PROBLEM REQUIREMENTS →
Give back, word for word, the line that contains "apply/setP=> u; rewrite" and every line that follows it in the data below.

# # # # #

(* Let $C\subseteq 2^X$ be a maximum class of VC-dimension $d$ and let $D\subseteq C$ be a maximum class (on the same domain $X$) of VC-dimension $d-1$. Then each $c\in C\setminus D$ is the source of a unique incomplete cube for $(C,D)$. Moreover, if $r':D\to X(D)$ is a representation map for $D$ and $r:C\to X(C)$ extends $r'$ by setting $r(c)=\mathrm{supp}(s^{-1}(c))$ for each $c\in C\setminus D$ (where $s^{-1}(c)$ is the unique incomplete cube with source $c$), then $r$ is a representation map for $C$.
   Context: $X$ is a finite set, $n=|X|$; concepts $c\subseteq X$ are identified with characteristic functions, $c|Y$ is the restriction to $Y$ and $C|Y=\{c|Y:c\in C\}$. $Y$ is shattered by $C$ if $C|Y=2^Y$; VC-dimension is the maximum size of a shattered set; $C$ is maximum if $|C|=\sum_{i=0}^d\binom{n}{i}$ with $d$ its VC-dimension. $X(C)$ is the family of sets shattered by $C$. A cube of $2^X$ is $\{T\cup Z:Z\subseteq Y\}$ with $Y\subseteq X$, $T\subseteq X\setminus Y$, support $\mathrm{supp}=Y$; a cube of $C$ is a cube contained in $C$. A missed simplex for $(C,D)$ is a set $\sigma\in X(C)\setminus X(D)$ (it has size $d$). An incomplete cube for $(C,D)$ is a cube $Q$ of $C$ whose support is a missed simplex; its source $s(Q)$ is the unique $c\in Q$ with $c|\mathrm{supp}(Q)\notin D|\mathrm{supp}(Q)$. A representation map for a class $E$ with $|E|=|X(E)|$ is a bijection $r:E\to X(E)$ with $c|(r(c)\cup r(c'))\ne c'|(r(c)\cup r(c'))$ for all distinct $c,c'\in E$. *)

From mathcomp Require Import all_boot.
Set Implicit Arguments. Unset Strict Implicit. Unset Printing Implicit Defensive.

Section VC.
Variable X : finType.

Definition restr (C : {set {set X}}) (Y : {set X}) : {set {set X}} :=
  [set c :&: Y | c in C].

Definition shatters (C : {set {set X}}) (Y : {set X}) : bool :=
  restr C Y == powerset Y.

Definition shattered_family (C : {set {set X}}) : {set {set X}} :=
  [set Y | shatters C Y].

Definition vcdim (C : {set {set X}}) (d : nat) : Prop :=
  (exists Y, shatters C Y /\ #|Y| = d) /\
  (forall Y, shatters C Y -> #|Y| <= d).

Definition maximum (C : {set {set X}}) (d : nat) : Prop :=
  vcdim C d /\ #|C| = \sum_(i < d.+1) 'C(#|X|, i).

Definition is_cube (Q : {set {set X}}) (Y : {set X}) : Prop :=
  exists T : {set X}, [disjoint T & Y] /\ Q = [set T :|: Z | Z in powerset Y].

Definition incomplete_cube (C D Q : {set {set X}}) (Y : {set X}) : Prop :=
  [/\ is_cube Q Y, Q \subset C & Y \in shattered_family C :\: shattered_family D].

Definition is_source (D Q : {set {set X}}) (Y : {set X}) (c : {set X}) : Prop :=
  [/\ c \in Q, c :&: Y \notin restr D Y &
      forall c', c' \in Q -> c' :&: Y \notin restr D Y -> c' = c].

Definition repr_map (E : {set {set X}}) (r : {set X} -> {set X}) : Prop :=
  [/\ {in E, forall c, r c \in shattered_family E},
      {in E &, injective r},
      (forall Y, Y \in shattered_family E -> exists2 c, c \in E & r c = Y) &
      {in E &, forall c c', c != c' ->
         c :&: (r c :|: r c') != c' :&: (r c :|: r c')}].

End VC.

(* Everything is proved for maximum classes on an arbitrary finite domain S,
   so that the restriction C|W is again maximum. Sauer's bound together with
   |C| = |C - x| + |C^x| shows that the deletion C - x and the reduction C^x of
   a maximum class are maximum on S - x, of dimensions d and d - 1; by
   induction through C^y, a maximum class of dimension d carries exactly one
   cube on every d-set Y, and a class of dimension d - 1 misses exactly one
   pattern on Y, so every missed simplex supports exactly one incomplete cube.
   Call c bad if it lies in C \ D and is the source of no incomplete cube, or
   is the source of two. Using the induction hypothesis for C - x and C^x, one
   shows that toggling any coordinate of a sourceless concept gives a doubly
   supported one and vice versa; since the cube 2^S is connected and D is
   nonempty, a bad concept would make some element of D bad, which is absurd.
   Finally, if c, c' in C \ D agreed on W = r(c) u r(c') with r(c) <> r(c'),
   then c|W would be the source of two incomplete cubes of the maximum class
   C|W. *)

From mathcomp Require Import all_boot zify.
From Stdlib Require Import Classical_Prop.
Set Implicit Arguments. Unset Strict Implicit. Unset Printing Implicit Defensive.

Definition sum_binom j m := \sum_(i < j) 'C(m, i).

Lemma sum_binom0 m : sum_binom 0 m = 0.
Proof. by rewrite /sum_binom big_ord0. Qed.

Lemma sum_binomS j m : sum_binom j.+1 m = sum_binom j m + 'C(m, j).
Proof. by rewrite /sum_binom big_ord_recr. Qed.

Lemma sum_binom1 m : sum_binom 1 m = 1.
Proof. by rewrite sum_binomS sum_binom0 bin0. Qed.

Lemma sum_binom_gt0 j m : 0 < sum_binom j.+1 m.
Proof. by rewrite /sum_binom big_ord_recl bin0. Qed.

Lemma sum_binom_Pascal j m :
  sum_binom j.+1 m.+1 = sum_binom j.+1 m + sum_binom j m.
Proof.
elim: j => [|j IHj]; first by rewrite !sum_binomS !sum_binom0 !bin0.
by rewrite sum_binomS IHj binS !sum_binomS; lia.
Qed.

Lemma sum_binom_full j m : m < j -> sum_binom j m = 2 ^ m.
Proof.
move=> lt_mj; rewrite -(subnKC lt_mj); elim: (j - m.+1) => [|k IHk].
  rewrite addn0 /sum_binom -[2]/(1 + 1) expnDn.
  by apply: eq_bigr => i _; rewrite !exp1n !muln1.
by rewrite addnS sum_binomS IHk bin_small ?addn0 // ltnS leq_addr.
Qed.

Lemma sum_binom_diag j : (sum_binom j j).+1 = 2 ^ j.
Proof. by rewrite -(sum_binom_full (ltnSn j)) sum_binomS binn addn1. Qed.

Section Shattering.
Variable X : finType.
Implicit Types (S Y W c u : {set X}) (C D : {set {set X}}).

Lemma setD1_notin c x : x \notin c -> c :\ x = c.
Proof. by move=> xNc; apply/setDidPl; rewrite disjoint_sym disjoints1. Qed.

Lemma setD1I_notin c x Y : x \notin Y -> (c :\ x) :&: Y = c :&: Y.
Proof.
move=> xNY; rewrite setIDAC; apply/setDidPl.
by rewrite disjoint_sym disjoints1 inE (negbTE xNY) andbF.
Qed.

Lemma restr_sub C Y : restr C Y \subset powerset Y.
Proof. by apply/subsetP=> u /imsetP [c _ ->]; rewrite powersetE subsetIr. Qed.

Lemma shattersE C Y : shatters C Y = (powerset Y \subset restr C Y).
Proof. by rewrite /shatters eqEsubset restr_sub. Qed.

Lemma restr_id S C : C \subset powerset S -> restr C S = C.
Proof.
move=> /subsetP CS; apply/setP=> u; apply/imsetP/idP => [[c cC ->]|uC].
  by rewrite (setIidPl _) // -powersetE CS.
by exists u; rewrite // (setIidPl _) // -powersetE CS.
Qed.

Lemma restr_restr C W Y : Y \subset W -> restr (restr C W) Y = restr C Y.
Proof.
move=> YW; rewrite /restr -imset_comp; apply: eq_imset => c /=.
by rewrite -setIA (setIidPr YW).
Qed.

Lemma shatters_set0 C : shatters C set0 = (C != set0).
Proof.
rewrite shattersE powerset0 sub1set; apply/imsetP/set0Pn => [[c cC _]|[c cC]].
  by exists c.
by exists c; rewrite ?setI0.
Qed.

Lemma shatters_notin C x Y :
  {in C, forall c, x \notin c} -> shatters C Y -> x \notin Y.
Proof.
move=> xNC; rewrite shattersE => /subsetP /(_ Y); rewrite powersetE subxx.
by case/(_ isT)/imsetP => c cC ->; rewrite inE (negbTE (xNC c cC)).
Qed.

Lemma shattersS C D Y : D \subset C -> shatters D Y -> shatters C Y.
Proof. by move=> sDC; rewrite !shattersE => /subset_trans; apply; apply: imsetS. Qed.

Definition deletion C x := [set c :\ x | c in C].
Definition reduction C x := [set c in C | (x \notin c) && (x |: c \in C)].

Lemma card_deletion_reduction C x :
  #|C| = #|deletion C x| + #|reduction C x|.
Proof.
set P := [set c : {set X} | x \in c]; set C1 := C :&: P; set C0 := C :\: P.
have -> : #|C| = #|C0| + #|C1| by rewrite addnC cardsID.
have card_C1 : #|[set c :\ x | c in C1]| = #|C1|.
  apply: card_in_imset => c1 c2; rewrite !inE => /andP [_ x1] /andP [_ x2] e.
  by rewrite -(setD1K x1) e setD1K.
have -> : deletion C x = C0 :|: [set c :\ x | c in C1].
  apply/setP=> u; apply/imsetP/setUP => [[c cC ->]|].
    case xc: (x \in c); [right | left].
      by apply: imset_f; rewrite !inE cC xc.
    by rewrite setD1_notin ?xc // !inE cC xc.
  case; first by rewrite !inE => /andP [xu uC]; exists u; rewrite ?setD1_notin.
  by case/imsetP=> c; rewrite !inE => /andP [cC _] ->; exists c.
have -> : reduction C x = C0 :&: [set c :\ x | c in C1].
  apply/setP=> u; rewrite !inE; apply/andP/andP => [[uC /andP [xu xuC]]|].
    split; first by rewrite xu uC.
    by apply/imsetP; exists (x |: u); rewrite ?setU1K // !inE xuC eqxx.
  case=> /andP [xu uC] /imsetP [c]; rewrite !inE => /andP [cC xc] ec.
  by rewrite ec setD1K // -ec uC xu cC.
by rewrite cardsUI card_C1.
Qed.

Lemma restr_deletion C x Y : x \notin Y -> restr (deletion C x) Y = restr C Y.
Proof.
move=> xNY; rewrite /restr /deletion -imset_comp.
by apply: eq_imset => c /=; rewrite setD1I_notin.
Qed.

# # # # #

FINISHED TASK →
  apply/setP=> u; rewrite !inE; apply/andP/andP => [[uC /andP [xu xuC]]|].
    split; first by rewrite xu uC.
    by apply/imsetP; exists (x |: u); rewrite ?setU1K // !inE xuC eqxx.
  case=> /andP [xu uC] /imsetP [c]; rewrite !inE => /andP [cC xc] ec.
  by rewrite ec setD1K // -ec uC xu cC.
by rewrite cardsUI card_C1.
Qed.

Lemma restr_deletion C x Y : x \notin Y -> restr (deletion C x) Y = restr C Y.
Proof.
move=> xNY; rewrite /restr /deletion -imset_comp.
by apply: eq_imset => c /=; rewrite setD1I_notin.
Qed.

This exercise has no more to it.